Definition weighted_sum4 (B1 B2 B3 B4 : R) (u1 u2 u3 u4 : pt) : pt :=
  vadd (vscale B1 u1) (vadd (vscale B2 u2) (vadd (vscale B3 u3) (vscale B4 u4))).

Section WeightedFermatTorricelliPoint.

Variables A1 A2 A3 A4 X : pt.
Variables B1 B2 B3 B4 : R.
Hypotheses (B1_ge0 : 0 <= B1) (B2_ge0 : 0 <= B2) (B3_ge0 : 0 <= B3) (B4_ge0 : 0 <= B4).
Hypotheses (dist1_pos : 0 < Defs.dist X A1) (dist2_pos : 0 < Defs.dist X A2)
           (dist3_pos : 0 < Defs.dist X A3) (dist4_pos : 0 < Defs.dist X A4).

Let f := wft_fun A1 A2 A3 A4 B1 B2 B3 B4.
Let S := weighted_sum4 B1 B2 B3 B4 (unitv X A1) (unitv X A2) (unitv X A3) (unitv X A4).
Let M := B1 / (2 * Defs.dist X A1) + B2 / (2 * Defs.dist X A2)
         + B3 / (2 * Defs.dist X A3) + B4 / (2 * Defs.dist X A4).

Lemma dot_weighted_sum4_l (P : pt) :
  dot S P = B1 * dot (unitv X A1) P + B2 * dot (unitv X A2) P
            + B3 * dot (unitv X A3) P + B4 * dot (unitv X A4) P.
Proof. unfold S, weighted_sum4, dot, vadd, vscale; simpl; ring. Qed.

Lemma wft_fun_ge_tangent (Y : pt) : f X - dot S (vsub Y X) <= f Y.
Proof.
  pose proof (dist_ge_tangent X A1 dist1_pos Y) as H1.
  pose proof (dist_ge_tangent X A2 dist2_pos Y) as H2.
  pose proof (dist_ge_tangent X A3 dist3_pos Y) as H3.
  pose proof (dist_ge_tangent X A4 dist4_pos Y) as H4.
  apply (Rmult_le_compat_l B1) in H1; apply (Rmult_le_compat_l B2) in H2;
    apply (Rmult_le_compat_l B3) in H3; apply (Rmult_le_compat_l B4) in H4; trivial.
  rewrite dot_weighted_sum4_l; unfold f, wft_fun; lra.
Qed.
(* Suppose [w] is Schnorr test random for [phi], but some computable test
   supermartingale [T] and growth function [rho] have
   [limsup (T (w^n) - rho n) > 0], so that [T (w^k) > rho k] infinitely often.
   Let [q] approximate [T] to precision 1 and put
     A_n = { s | rho |s| >= 2^n + 3  and  q s 0 > rho |s| - 2 },
     e(N, n) = the least [l] with [rho l >= 2^N + 3].
   Every [s] in [A_n] has [T s > rho |s| - 3 >= 2^n], and every [s] in [A_n] of
   length at least [e(N, n)] has [T s >= 2^N]; so Ville's inequality (a test
   supermartingale reaches level [c >= 1] with upper probability at most [1/c],
   witnessed by the supermartingale stopped at that level) gives both bounds of a
   Schnorr test.  [A] and [e] are recursive, by a small library of closure
   properties of mu-recursive functions developed first (arithmetic, inverting the
   pairing and string codes, minimisation).  Since [T (w^k) > rho k] for
   arbitrarily large [k], [w] lies in every [[A_n]], a contradiction. *)

From Coquelicot Require Import Coquelicot.
From Stdlib Require Import Reals List Arith Lia ZArith QArith Qreals Lra.
From Stdlib Require Import ClassicalEpsilon Classical.
Import ListNotations.
Open Scope nat_scope.

Definition prim (k : nat) (f : list nat -> nat) : Prop :=
  exists c, forall v, length v = k -> reval c v (f v).

Definition prim1 (g : nat -> nat) : Prop := prim 1 (fun v => g (nth 0 v 0)).
Definition prim2 (g : nat -> nat -> nat) : Prop :=
  prim 2 (fun v => g (nth 0 v 0) (nth 1 v 0)).

Lemma recursive_prim1 h : prim1 h <-> recursive h.
Proof.
  split.
  - intros [c Hc]; exists c; intros n; exact (Hc [n] eq_refl).
  - intros [c Hc]; exists c; intros [|x [|]] Hv; simpl in Hv; try lia; apply Hc.
Qed.

Lemma prim_ext k f g : (forall v, length v = k -> f v = g v) -> prim k f -> prim k g.
Proof. intros E [c Hc]; exists c; intros v Hv; rewrite <- E by auto; auto. Qed.

Lemma prim_proj k i : i < k -> prim k (fun v => nth i v 0).
Proof. intros H; exists (RProj i); intros v Hv; constructor; lia. Qed.

Lemma prim_app1 k g f : prim1 g -> prim k f -> prim k (fun v => g (f v)).
Proof.
  intros [cg Hg] [cf Hf]; exists (RComp cg [cf]); intros v Hv.
  econstructor; [repeat constructor; auto | exact (Hg [f v] eq_refl)].
Qed.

------------------------------------------------------------------------

◆ YOUR GOAL:
Write out the whole listing exactly.

◆ YOUR RESPONSE:
Definition weighted_sum4 (B1 B2 B3 B4 : R) (u1 u2 u3 u4 : pt) : pt :=
  vadd (vscale B1 u1) (vadd (vscale B2 u2) (vadd (vscale B3 u3) (vscale B4 u4))).

Section WeightedFermatTorricelliPoint.

Variables A1 A2 A3 A4 X : pt.
Variables B1 B2 B3 B4 : R.
Hypotheses (B1_ge0 : 0 <= B1) (B2_ge0 : 0 <= B2) (B3_ge0 : 0 <= B3) (B4_ge0 : 0 <= B4).
Hypotheses (dist1_pos : 0 < Defs.dist X A1) (dist2_pos : 0 < Defs.dist X A2)
           (dist3_pos : 0 < Defs.dist X A3) (dist4_pos : 0 < Defs.dist X A4).

Let f := wft_fun A1 A2 A3 A4 B1 B2 B3 B4.
Let S := weighted_sum4 B1 B2 B3 B4 (unitv X A1) (unitv X A2) (unitv X A3) (unitv X A4).
Let M := B1 / (2 * Defs.dist X A1) + B2 / (2 * Defs.dist X A2)
         + B3 / (2 * Defs.dist X A3) + B4 / (2 * Defs.dist X A4).

Lemma dot_weighted_sum4_l (P : pt) :
  dot S P = B1 * dot (unitv X A1) P + B2 * dot (unitv X A2) P
            + B3 * dot (unitv X A3) P + B4 * dot (unitv X A4) P.
Proof. unfold S, weighted_sum4, dot, vadd, vscale; simpl; ring. Qed.

Lemma wft_fun_ge_tangent (Y : pt) : f X - dot S (vsub Y X) <= f Y.
Proof.
  pose proof (dist_ge_tangent X A1 dist1_pos Y) as H1.
  pose proof (dist_ge_tangent X A2 dist2_pos Y) as H2.
  pose proof (dist_ge_tangent X A3 dist3_pos Y) as H3.
  pose proof (dist_ge_tangent X A4 dist4_pos Y) as H4.
  apply (Rmult_le_compat_l B1) in H1; apply (Rmult_le_compat_l B2) in H2;
    apply (Rmult_le_compat_l B3) in H3; apply (Rmult_le_compat_l B4) in H4; trivial.
  rewrite dot_weighted_sum4_l; unfold f, wft_fun; lra.
Qed.
(* Suppose [w] is Schnorr test random for [phi], but some computable test
   supermartingale [T] and growth function [rho] have
   [limsup (T (w^n) - rho n) > 0], so that [T (w^k) > rho k] infinitely often.
   Let [q] approximate [T] to precision 1 and put
     A_n = { s | rho |s| >= 2^n + 3  and  q s 0 > rho |s| - 2 },
     e(N, n) = the least [l] with [rho l >= 2^N + 3].
   Every [s] in [A_n] has [T s > rho |s| - 3 >= 2^n], and every [s] in [A_n] of
   length at least [e(N, n)] has [T s >= 2^N]; so Ville's inequality (a test
   supermartingale reaches level [c >= 1] with upper probability at most [1/c],
   witnessed by the supermartingale stopped at that level) gives both bounds of a
   Schnorr test.  [A] and [e] are recursive, by a small library of closure
   properties of mu-recursive functions developed first (arithmetic, inverting the
   pairing and string codes, minimisation).  Since [T (w^k) > rho k] for
   arbitrarily large [k], [w] lies in every [[A_n]], a contradiction. *)

From Coquelicot Require Import Coquelicot.
From Stdlib Require Import Reals List Arith Lia ZArith QArith Qreals Lra.
From Stdlib Require Import ClassicalEpsilon Classical.
Import ListNotations.
Open Scope nat_scope.

Definition prim (k : nat) (f : list nat -> nat) : Prop :=
  exists c, forall v, length v = k -> reval c v (f v).

Definition prim1 (g : nat -> nat) : Prop := prim 1 (fun v => g (nth 0 v 0)).
Definition prim2 (g : nat -> nat -> nat) : Prop :=
  prim 2 (fun v => g (nth 0 v 0) (nth 1 v 0)).

Lemma recursive_prim1 h : prim1 h <-> recursive h.
Proof.
  split.
  - intros [c Hc]; exists c; intros n; exact (Hc [n] eq_refl).
  - intros [c Hc]; exists c; intros [|x [|]] Hv; simpl in Hv; try lia; apply Hc.
Qed.

Lemma prim_ext k f g : (forall v, length v = k -> f v = g v) -> prim k f -> prim k g.
Proof. intros E [c Hc]; exists c; intros v Hv; rewrite <- E by auto; auto. Qed.

Lemma prim_proj k i : i < k -> prim k (fun v => nth i v 0).
Proof. intros H; exists (RProj i); intros v Hv; constructor; lia. Qed.

Lemma prim_app1 k g f : prim1 g -> prim k f -> prim k (fun v => g (f v)).
Proof.
  intros [cg Hg] [cf Hf]; exists (RComp cg [cf]); intros v Hv.
  econstructor; [repeat constructor; auto | exact (Hg [f v] eq_refl)].
Qed.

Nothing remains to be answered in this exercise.